Morel’s restrained keyboards and calming demeanor anchored down the band nicely. When I discovered Brendan Canty of Fugazi/Rites of Spring fame, was manning the kit, I was ecstatic. Canty is a punk rock legend and true technician with quiet flare. While not as booming as the thunderous Sugar drummer Malcolm Travis, Canty was on fire and very cheerful, which added great vibe to the show.
The band ripped through the first nine songs (lots of Sugar and solo classics) at a brisk pace and slowed it down with the euphonic “High Fidelity.” When I heard the opening chords to the next song, it got a bit emotional for this lad. I first heard Husker Du’s “Hardly Getting Over It” back when I was 16, I was floored at the time to hear something so quietly effecting amidst the maelstrom of beautiful punk distortion. The song is a simple rumination on loss and death. The two lines that stuck out right away were:
“My parents, they just wonder when they both are going to die / And what am I to do when they die?”
At that young age I wondered, “Yeah, what the hell would I do if my parents died?” Obviously Bob thought about it a lot.
My parents our now deceased; my dad ten years ago, my mother just recently and unexpectedly. Despite loving this song, I now fear it. It completes wrecks me, but I have to listen. By the end, it oddly brings me comfort because it makes think of my mom and dad at a happy time when they were both with me.
Mould slowed down this version even more than the original and it was a thing of beauty. Thank god, he quickly followed it up with another all-time favorite, “Could You Be The One?” (as close as the Huskers got to a pop rock hit), because I was a complete puddle. To keep the Husker Du goodness going, Bob sped through a down and dirty version of “I Apologize” from “New Day Rising.” “I’m Sorry” songs do not get much better than this.
In you haven’t noticed by this point in the review, I simply loved this performance. Loved every single note of it. I was entranced not only by the band’s note-perfect renditions, but also the stellar production. It was top-notch with crystal clear audio and video, at least 4 cameras covered the action. I haven’t watched many live concerts in a long time, so maybe there all this good?I know the latest Bad Religion at The Palladium DVD was aces.

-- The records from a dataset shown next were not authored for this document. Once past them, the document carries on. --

Lemma JCent_Cent : Cent A f.
Proof.
split; first by case: f_JCent.
move=> x y Ax Ay; rewrite (JCent_unit_mul (A_mul Ax Ay)) (JCent_unit_mul Ax).
rewrite (JCent_unit_mul Ay); split=> //.
by apply: funext => u; rewrite /op_mul JCent_unit_commute.
Qed.

End JordanCentralizer.

Lemma JCent_iff_Cent f : JCent A f <-> Cent A f.
Proof. by split; [exact: JCent_Cent | exact: Cent_JCent]. Qed.

End TrivialCenter.

Section Subspace.
Variables (R : realType) (H : normedModType R[i]) (S : set H).
Hypothesis hS : closed_subspace S.

Lemma subspace0 : S 0.
Proof. by case: hS. Qed.

Lemma subspaceD u v : S u -> S v -> S (u + v).
Proof. by case: hS => _ S_lin _ Su Sv; have := S_lin 1 u v Su Sv; rewrite scale1r. Qed.

Lemma subspaceZ a u : S u -> S (a *: u).
Proof. by case: hS => S0 S_lin _ Su; have := S_lin a u 0 Su S0; rewrite addr0. Qed.

End Subspace.

Section RealNorm.
Variable R : realType.

(* Norms of a normed R[i]-module live in R[i]; [nrm] is their real part, on
   which [lra]/[nra] can work. *)
Definition nrm {V : normedZmodType R[i]} (v : V) : R := complex.Re `|v|.

Lemma normE {V : normedZmodType R[i]} (v : V) : `|v| = ((nrm v)%:C)%C.
Proof.
have := normr_ge0 v; rewrite lecE => /andP[/eqP im0 _].
by rewrite /nrm; case: `|v| im0 => a b /= ->.
Qed.

Lemma nrm_ge0 {V : normedZmodType R[i]} (v : V) : 0 <= nrm v.
Proof. by have := normr_ge0 v; rewrite normE lecR. Qed.

Lemma nrmD {V : normedZmodType R[i]} (u v : V) : nrm (u + v) <= nrm u + nrm v.
Proof. by have := ler_normD u v; rewrite !normE -rmorphD lecR. Qed.

Lemma nrm_distC {V : normedZmodType R[i]} (u v : V) : nrm (u - v) = nrm (v - u).
Proof. by rewrite /nrm distrC. Qed.

Lemma nrmZ {V : normedModType R[i]} (a : R[i]) (v : V) : nrm (a *: v) = nrm a * nrm v.
Proof. by apply: complexI; rewrite rmorphM /= -!normE normrZ. Qed.

Lemma gtc0_real (e : R[i]) : 0 < e -> exists2 r : R, 0 < r & e = (r%:C)%C.
Proof.
rewrite ltcE => /andP[/eqP im0 re_gt0].
by exists (complex.Re e) => //; case: e im0 re_gt0 => a b /= ->.
Qed.

Lemma nrm_sub_cvg_le {V : normedModType R[i]} (F : set_system V)
    {FF : ProperFilter F} (x s0 : V) (r : R) :
  F --> s0 -> (\forall s \near F, nrm (x - s) <= r) -> nrm (x - s0) <= r.
Proof.
move=> F_s0 F_r; apply/ler_addgt0Pr => d d_gt0.
have dC_gt0 : 0 < (d%:C)%C by rewrite ltcR.
have [t [/= s0t_lt xt_le]] :=
  filter_ex (filterI (@cvgr_dist_lt _ _ _ F FF id s0 F_s0 _ dC_gt0) F_r).
rewrite normE ltcR in s0t_lt.
have := nrmD (x - t) (t - s0); rewrite addrA subrK (nrm_distC t) => xs0_le.
by apply: (le_trans xs0_le); rewrite lerD // ltW.
Qed.

End RealNorm.

Section InnerProduct.
Variables (R : realType) (H : normedModType R[i]) (ip : H -> H -> R[i]).
Hypothesis hip : is_inner_product ip.

Lemma ipDl x y z : ip (x + y) z = ip x z + ip y z.
Proof. by case: hip => h _ _; have := h 1 x y z; rewrite scale1r mul1r. Qed.

Lemma ip0l z : ip 0 z = 0.
Proof. by apply: (addrI (ip 0 z)); rewrite -ipDl !addr0. Qed.

Lemma ipZl a x z : ip (a *: x) z = a * ip x z.
Proof. by case: hip => h _ _; have := h a x 0 z; rewrite addr0 ip0l addr0. Qed.

Lemma ipBl x y z : ip (x - y) z = ip x z - ip y z.
Proof. by rewrite -scaleN1r ipDl ipZl mulN1r. Qed.

Lemma ipC x y : ip y x = (ip x y)^*.
Proof. by case: hip. Qed.

Lemma ipDr x y z : ip x (y + z) = ip x y + ip x z.
Proof. by rewrite ipC ipDl rmorphD /= -!ipC. Qed.

Lemma ipZr a x y : ip x (a *: y) = a^* * ip x y.
Proof. by rewrite ipC ipZl rmorphM /= -ipC. Qed.

Lemma ip0r x : ip x 0 = 0.
Proof. by rewrite ipC ip0l conjC0. Qed.

Lemma ipBr x y z : ip x (y - z) = ip x y - ip x z.
Proof. by rewrite -scaleN1r ipDr ipZr rmorphN1 mulN1r. Qed.

Lemma ipxx_norm x : ip x x = `|x| ^+ 2.
Proof. by case: hip. Qed.

Lemma ipxx x : ip x x = ((nrm x ^+ 2)%:C)%C.
Proof. by rewrite ipxx_norm normE rmorphXn. Qed.

Lemma ipxx_ge0 x : 0 <= ip x x.
Proof. by rewrite ipxx lecR exprn_ge0 ?nrm_ge0. Qed.

Lemma ipxx_eq0 x : (ip x x == 0) = (x == 0).
Proof. by rewrite ipxx_norm expf_eq0 /= normr_eq0. Qed.

Lemma ipxx_gt0 x : x != 0 -> 0 < ip x x.
Proof. by move=> x_neq0; rewrite lt_def ipxx_eq0 x_neq0 ipxx_ge0. Qed.

Lemma ipxx_sub_proj u y : y != 0 ->
  ip (u - (ip u y / ip y y) *: y) (u - (ip u y / ip y y) *: y)
  = ip u u - ip u y * (ip u y)^* / ip y y.
Proof.
move=> y_neq0; have yy_neq0 : ip y y != 0 by rewrite ipxx_eq0.
rewrite !ipBl !ipBr !ipZl !ipZr rmorphM /= fmorphV /= -(ipC y y) (ipC u y).
by field.
Qed.

Lemma normr_ip_le u y : `|ip u y| <= `|u| * `|y|.
Proof.
have [->|y_neq0] := eqVneq y 0; first by rewrite ip0r !normr0 mulr0.
have yy_gt0 := ipxx_gt0 y_neq0.
have := ipxx_ge0 (u - (ip u y / ip y y) *: y).
rewrite ipxx_sub_proj // subr_ge0 ler_pdivrMr // => h.
rewrite -(@ler_pXn2r _ 2) ?nnegrE ?mulr_ge0 //.
by rewrite normCK exprMn -!ipxx_norm.
Qed.

Lemma parallelogram (u v : H) :
  nrm (u + v) ^+ 2 + nrm (u - v) ^+ 2 = 2 * nrm u ^+ 2 + 2 * nrm v ^+ 2.
Proof.
apply: complexI; rewrite !rmorphD !rmorphM /= rmorph_nat -!normE -!expr2 -!ipxx_norm.
by rewrite !ipBl !ipBr !ipDl !ipDr; ring.
Qed.

Lemma ip_continuousl y : continuous (fun u : H => ip u y : R[i]^o).
Proof.
move=> u; apply/cvgrPdist_lt => e e_gt0.
have ny1_gt0 : 0 < `|y| + 1 by rewrite ltr_wpDl.
near=> v; rewrite -ipBl (le_lt_trans (normr_ip_le _ _)) //.
apply: (le_lt_trans (y := `|u - v| * (`|y| + 1))).
  by rewrite ler_wpM2l // lerDl.
rewrite -ltr_pdivlMr //; near: v.
by apply: cvgr_dist_lt; [exact: cvg_id | rewrite divr_gt0].
Unshelve. all: by end_near.
Qed.

Lemma nearest_point_orthogonal S x s0 : closed_subspace S -> S s0 ->
    (forall s, S s -> ip (x - s0) (x - s0) <= ip (x - s) (x - s)) ->
  forall t, S t -> ip t (x - s0) = 0.
Proof.
move=> hS Ss0 s0_min t St; have [->|t_neq0] := eqVneq t 0; first by rewrite ip0l.
set y := x - s0; suff yt0 : ip y t = 0 by rewrite ipC yt0 conjC0.
have tt_gt0 := ipxx_gt0 t_neq0.
have := s0_min _ (subspaceD hS Ss0 (subspaceZ hS (ip y t / ip t t) St)).
rewrite opprD addrA -/y ipxx_sub_proj // -subr_ge0 addrAC subrr add0r oppr_ge0.
move=> le0; have ge0 : 0 <= ip y t * (ip y t)^* / ip t t.
  by rewrite divr_ge0 ?mul_conjC_ge0 // ltW.
have : ip y t * (ip y t)^* / ip t t == 0 by rewrite eq_le le0 ge0.
by rewrite mulf_eq0 invr_eq0 (gt_eqF tt_gt0) orbF mul_conjC_eq0 => /eqP.
Qed.

End InnerProduct.

Section NearestPoint.
Variables (R : realType) (H : completeNormedModType R[i]) (ip : H -> H -> R[i]).
Hypothesis hip : is_inner_product ip.
Variables (S : set H) (x : H).
Hypothesis hS : closed_subspace S.

Let dists := [set nrm (x - s) ^+ 2 | s in S].

Let dists_has_inf : has_inf dists.
Proof.
split; first by exists (nrm (x - 0) ^+ 2), 0 => //; exact: subspace0.
by exists 0 => _ [s _ <-]; rewrite exprn_ge0 ?nrm_ge0.
Qed.

Let dist2_ge0 : 0 <= inf dists.
Proof.
by case: dists_has_inf => ne _; apply: lb_le_inf ne _ => _ [s _ <-]; rewrite exprn_ge0 ?nrm_ge0.
Qed.

Let dist2_le s : S s -> inf dists <= nrm (x - s) ^+ 2.
Proof. by move=> Ss; apply: ge_inf; [case: dists_has_inf | exists s]. Qed.

Let dist2_approx e : 0 < e -> exists2 s, S s & nrm (x - s) ^+ 2 < inf dists + e.
Proof. by move=> e_gt0; have [_ [s Ss <-]] := inf_adherent e_gt0 dists_has_inf; exists s. Qed.

Let near_minimizers_close e s t : S s -> S t ->
  nrm (x - s) ^+ 2 < inf dists + e -> nrm (x - t) ^+ 2 < inf dists + e ->
  nrm (s - t) ^+ 2 < 4 * e.
Proof.
move=> Ss St xs_lt xt_lt; pose m := 2^-1 *: (s + t).
have Sm : S m by apply: subspaceZ => //; exact: subspaceD.
have sum_eq : (x - s) + (x - t) = 2 *: (x - m).
  rewrite /m scalerBr scalerA mulfV ?pnatr_eq0 // scale1r scaler_nat mulr2n.
  by rewrite opprD !addrA; congr (_ - _); rewrite addrAC.
have diff_eq : (x - s) - (x - t) = t - s by rewrite opprB addrC addrA subrK.
have nrm2 : nrm (2 : R[i]) = 2 by apply: complexI; rewrite -normE normr_nat rmorph_nat.
have := parallelogram hip (x - s) (x - t).
rewrite sum_eq diff_eq nrmZ nrm2 (nrm_distC t) exprMn.
have := dist2_le Sm; have := nrm_ge0 (x - m); nra.
Qed.

Let nearest_dist2 : exists2 s0, S s0 & nrm (x - s0) ^+ 2 = inf dists.
Proof.
pose B e := [set s | S s /\ nrm (x - s) ^+ 2 < inf dists + e].
pose F := filter_from [set e : R | 0 < e] B.
have F_proper : ProperFilter F.
  apply: filter_from_proper; last by move=> e /dist2_approx [s Ss lt_s]; exists s.
  apply: filter_from_filter; first by exists 1 => /=.
  move=> e1 e2 e1_gt0 e2_gt0; exists (Order.min e1 e2); first by rewrite /= lt_min e1_gt0 e2_gt0.
  move=> s [Ss lt_s]; split; split=> //; apply: (lt_le_trans lt_s).
    by rewrite lerD2l ge_min lexx.
  by rewrite lerD2l ge_min lexx orbT.
have F_cauchy : cauchy F.
  apply/cauchyP => _ /gtc0_real [r r_gt0 ->].
  have e_gt0 : 0 < r ^+ 2 / 4 by rewrite divr_gt0 // exprn_gt0.
  have [s0 Ss0 lt_s0] := dist2_approx e_gt0.
  exists s0, (r ^+ 2 / 4) => // t [St lt_t].
  rewrite -ball_normE /ball_ /= normE ltcR.
  have := near_minimizers_close Ss0 St lt_s0 lt_t; have := nrm_ge0 (s0 - t).
  rewrite mulrC mulfVK ?pnatr_eq0 //; nra.
have F_cvg : F --> lim F := @cauchy_cvg _ F F_proper F_cauchy.
have S_lim : S (lim F).
  case: hS => _ _ S_closed.
  apply: (@closed_cvg _ _ F F_proper id S S_closed) => //.
  by exists 1 => [|s []] //=; exact: ltr01.
exists (lim F) => //; apply/eqP; rewrite eq_le dist2_le // andbT.
apply/ler_addgt0Pr => e e_gt0.
have de_ge0 : 0 <= inf dists + e by rewrite addr_ge0 // ltW.
have : nrm (x - lim F) <= Num.sqrt (inf dists + e).
  apply: nrm_sub_cvg_le F_cvg _; exists e => // s [_ lt_s].
  rewrite -(ger0_norm (nrm_ge0 (x - s))) -sqrtr_sqr.
  by apply: ler_wsqrtr; exact: ltW.
have := sqr_sqrtr de_ge0; have := sqrtr_ge0 (inf dists + e).
have := nrm_ge0 (x - lim F); nra.
Qed.

Lemma nearest_point_exists :
  exists2 s0, S s0 & forall s, S s -> ip (x - s0) (x - s0) <= ip (x - s) (x - s).
Proof.
have [s0 Ss0 eq_s0] := nearest_dist2; exists s0 => // s Ss.
by rewrite !(ipxx hip) lecR eq_s0 dist2_le.
Qed.

Lemma orthogonal_vector_exists : ~ S x -> exists2 y, y != 0 & forall s, S s -> ip s y = 0.
Proof.
move=> nSx; have [s0 Ss0 s0_min] := nearest_point_exists.
exists (x - s0); last exact: nearest_point_orthogonal s0_min.
by rewrite subr_eq0; apply: contraPneq nSx => ->.
Qed.

End NearestPoint.

Section NestAlgebra.
Variables (R : realType) (H : normedModType R[i]) (N : set (set H)).
Hypothesis hN : nest N.

Lemma nest_algebra_linear T : nest_algebra N T -> linear_op T.
Proof. by case=> [[]]. Qed.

The fun continued for Husker Du fans with the unexpected “Chartered Trips!” I never saw Husker Du perform anything from the epic Zen Arcade, but this insanely rocking performance was as close to the swirling chaos and explosive energy that permeated the classic record. Zen Arcade continues to astound me every time I listen to the double-CD. Many in the know will tell you this is a landmark album in indie music. So please check it out.
With the exception of a few tracks from his latest solo CD “Body of Song,” the set list was basically a greatest hits of Mould’s, including “If I Can’t Change Your Mind,’ “Helpless,” “Man on The Moon” and other beauties.
Middle age fits him well. Mould looks and sounds great and he seems to be at peace. While the rage that fueled many of his earlier songs is still present, he now seems to be enjoying himself as he performs. It doesn’t seem like a chore he must rush through. Right before he rips into the penultimate song of the night, “Makes No Sense at All,” he laughs quite a bit as he exchanges glances with his band mates. Laughing? Wow, even better than a smile.